Reduction of inferior dislocations

  • Urgent orthopaedic consultation is necessary.
  • Open reduction may be required.
  • Closed reduction may be attempted under procedural sedation: traction applied in line with humeral shaft while an assistant applies counter traction. Gentle abduction usually reduces the dislocation.
  • Associated brachial plexus- and axillary vessel injury is common.

Reduction of posterior dislocations

  • Urgent orthopaedic consultation is indicated.
  • Closed reduction may be attempted under procedural sedation: the arm is pulled and rotated laterally, while the head of the humerus is pushed forward.

Post-reduction management

  • Urgent orthopaedic consultation is indicated.
  • Closed reduction may be attempted under procedural sedation: the arm is pulled and rotated laterally, while the head of the humerus is pushed forward.

    Advise to patient
  • Do a post-reduction X-ray to ensure that the reduction was effective.
  • Ensure that the limb is neuro-vascularly intact post-reduction.
  • Immobilisation with a sling: done with arm in internal rotation.
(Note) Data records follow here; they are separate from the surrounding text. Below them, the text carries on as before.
Definition moves_in (W : seq int) n (sg : 'S_n) : bool :=
  [forall i : 'I_n, ((sg i)%:Z - (i : nat)%:Z)%R \in W].

Lemma cut_balance n (sg : 'S_n) c :
  #|[set i : 'I_n | i < c <= sg i]| = #|[set i : 'I_n | c <= i & sg i < c]|.
Proof.
pose A := [set i : 'I_n | i < c]; pose B := [set i : 'I_n | sg i < c].
have cardB : #|B| = #|A|.
  by rewrite -(card_preimset A (@perm_inj _ sg)); apply: eq_card => i; rewrite !inE.
have AB : [set i : 'I_n | i < c <= sg i] = A :\: B.
  by apply/setP => i; rewrite !inE -leqNgt andbC.
have BA : [set i : 'I_n | c <= i & sg i < c] = B :\: A.
  by apply/setP => i; rewrite !inE -leqNgt andbC.
have := cardsID B A; have := cardsID A B; rewrite AB BA setIC; lia.
Qed.

Section Admissible.

Variable m : nat.

(* The properties shared by the jump sets of the permutations of 'I_N; adm_lo
   bounds the first gap, through which the condition on consecutive gaps
   is passed on when the first gap is removed. *)
Record admissible (N lo : nat) (f : nat -> bool) : Prop := Admissible {
  adm_bound : forall u, f u -> u + m < N;
  adm_cover : forall c, c < N -> ~~ f c -> exists2 u, f u & u < c <= u + m;
  adm_sparse : forall u u' u'', f u -> f u' -> f u'' -> u < u' < u'' -> u + m + 2 <= u'';
  adm_lo : forall u, f u -> 0 < u -> lo <= u }.

Lemma eq_admissible N lo f g : f =1 g -> admissible N lo f -> admissible N lo g.
Proof.
move=> fg [bnd cov sparse lo_le]; split=> [u|c c_lt|u u' u''|u].
- by rewrite -fg; apply: bnd.
- by rewrite -fg => /(cov c c_lt)[u fu cu]; exists u; rewrite -?fg.
- by rewrite -!fg; apply: sparse.
- by rewrite -fg; apply: lo_le.
Qed.

Lemma admissible0 N lo f : 0 < N -> admissible N lo f -> f 0.
Proof. by move=> N_gt0 [_ cov _ _]; apply/negPn/negP => /(cov 0 N_gt0)[u]. Qed.

End Admissible.

Section Jumps.

Variables m n : nat.
Local Notation W := [:: (-2)%R; (-1)%R; Posz m].

Lemma moves_inP (sg : 'S_n) : moves_in W sg ->
  forall i : 'I_n, [\/ sg i = i + m :> nat, (sg i).+1 = i | (sg i).+2 = i].
Proof.
move=> /forallP sg_ok i; move: (sg_ok i); rewrite !inE.
by case/or3P => /eqP d; [apply: Or33 | apply: Or32 | apply: Or31]; lia.
Qed.

Definition jump (sg : 'S_n) (u : nat) : bool :=
  [exists i : 'I_n, (i == u :> nat) && (sg i == i + m :> nat)].

Lemma jumpE (sg : 'S_n) (i : 'I_n) : jump sg i = (sg i == i + m :> nat).
Proof.
apply/existsP/idP => [[j /andP[/eqP ji]]|]; last by exists i; rewrite eqxx.
by rewrite (_ : j = i) //; apply: val_inj.
Qed.

Lemma jump_ord (sg : 'S_n) u :
  jump sg u -> exists2 i : 'I_n, i = u :> nat & sg i = u + m :> nat.
Proof. by case/existsP => i /andP[/eqP <- /eqP]; exists i. Qed.

Lemma jump_bound (sg : 'S_n) u : jump sg u -> u + m < n.
Proof. by case/jump_ord => i _ <-. Qed.

Section ValidPerm.

Variable sg : 'S_n.
Hypothesis sg_ok : moves_in W sg.

Lemma jump_cover c : c < n -> ~~ jump sg c -> exists2 u, jump sg u & u < c <= u + m.
Proof.
move=> c_lt; pose i := Ordinal c_lt; have i_val : (i : nat) = c by [].
move=> not_jump; rewrite -i_val jumpE in not_jump.
have sg_i : sg i < c.
  by case: (moves_inP sg_ok i) => d; [rewrite d eqxx in not_jump | lia | lia].
have : 0 < #|[set i : 'I_n | c <= i & sg i < c]|.
  by apply/card_gt0P; exists i; rewrite inE; apply/andP; split; lia.
rewrite -cut_balance => /card_gt0P[j]; rewrite inE => /andP[j_lt c_le].
by case: (moves_inP sg_ok j) => d; [exists j; rewrite ?jumpE ?d //; lia | lia | lia].
Qed.

Lemma jump_sparse u u' u'' : jump sg u -> jump sg u' -> jump sg u'' -> u < u' < u'' ->
  u + m + 2 <= u''.
Proof.
move=> /jump_ord[i <- sg_i] /jump_ord[i' <- sg_i'] /jump_ord[i'' <- sg_i''].
move=> /andP[lt_ii' lt_i'i''].
rewrite leqNgt; apply/negP => close.
pose D := [set j : 'I_n | i'' <= j & sg j < i''].
have D_next j : j \in D -> j = i''.+1 :> nat /\ (sg j).+1 = i''.
  rewrite inE => /andP[le_j lt_sg]; have j_ne : (j : nat) != i''.
    by apply: contraTneq lt_sg => /val_inj ->; rewrite sg_i''; lia.
  by case: (moves_inP sg_ok j) => d; lia.
have D_gt0 : 0 < #|D|.
  by rewrite -cut_balance; apply/card_gt0P; exists i'; rewrite inE; apply/andP; split; lia.
case: (leqP i'' (i + m)) => [le_i''|gt_i''].
  have : 1 < #|D|.
    rewrite -cut_balance; apply/card_gt1P; exists i, i'; rewrite !inE.
    split; try by apply/andP; split; lia.
    by apply: contraTneq lt_ii' => ->; rewrite ltnn.
  case/card_gt1P => j [j' [Dj Dj' /eqP[]]]; apply: val_inj.
  by have [j_val _] := D_next _ Dj; have [j'_val _] := D_next _ Dj'; rewrite /= j_val j'_val.
case/card_gt0P: D_gt0 => j /D_next[j_val sg_j].
have /perm_inj ji : sg j = sg i by apply: val_inj => /=; rewrite sg_i; lia.
by move: j_val; rewrite ji; lia.
Qed.

Lemma jumps_admissible : admissible m n 1 (jump sg).
Proof.
split=> // [u|c|u u' u'' ju ju' ju''].
- exact: jump_bound.
- exact: jump_cover.
- exact: jump_sparse.
Qed.

End ValidPerm.

Lemma moves_in_drop2 (sg tau : 'S_n) (i : 'I_n) : moves_in W tau ->
  (forall j : 'I_n, j < i -> sg j = tau j) -> (sg i).+2 = i -> (tau i).+2 = i.
Proof.
move=> tau_ok agree sg_i; pose j := (tau^-1)%g (sg i).
have tau_j : tau j = sg i by rewrite permKV.
case: (ltngtP j i) => [lt_ji|lt_ij|/val_inj ji]; last by move: tau_j; rewrite ji => ->.
- by move: (agree j lt_ji); rewrite tau_j => /perm_inj ji; rewrite ji ltnn in lt_ji.
- by case: (moves_inP tau_ok j); rewrite tau_j; lia.
Qed.

Lemma moves_in_jump_inj (sg tau : 'S_n) : moves_in W sg -> moves_in W tau ->
  jump sg =1 jump tau -> sg = tau.
Proof.
move=> sg_ok tau_ok same_jumps.
suff agree k (i : 'I_n) : i < k -> sg i = tau i by apply/permP => i; apply: (agree i.+1).
elim: k i => [|k IH] i //; rewrite ltnS leq_eqVlt => /orP[/eqP i_k|]; last exact: IH.
have below (j : 'I_n) : j < i -> sg j = tau j by move=> lt_ji; apply: IH; lia.
have below' (j : 'I_n) : j < i -> tau j = sg j by move=> /below ->.
have := same_jumps i; rewrite !jumpE => jump_i; apply: val_inj => /=.
have d := moves_in_drop2 tau_ok below; have d' := moves_in_drop2 sg_ok below'.
move: jump_i; case: eqP => jump_sg; case: eqP => jump_tau // _;
  by case: (moves_inP sg_ok i) => ds; case: (moves_inP tau_ok i) => dt; lia.
Qed.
    Duration of immobilisation depends on age of patient and complexity:
  • Generally 2-3 weeks in older patients
  • Up to 6 weeks in younger patients with first dislocation
  • Complex cases where there is associated fracture of humerus, rotator cuff tear, axillary nerve injury or recurrent dislocations should be referred to an orthopaedic surgeon early on.

    Rehabilitation:
  • Refer to physiotherapist for early shoulder exercises prevent adhesive capsulitis.
  • Discharge patients on adequate analgesia.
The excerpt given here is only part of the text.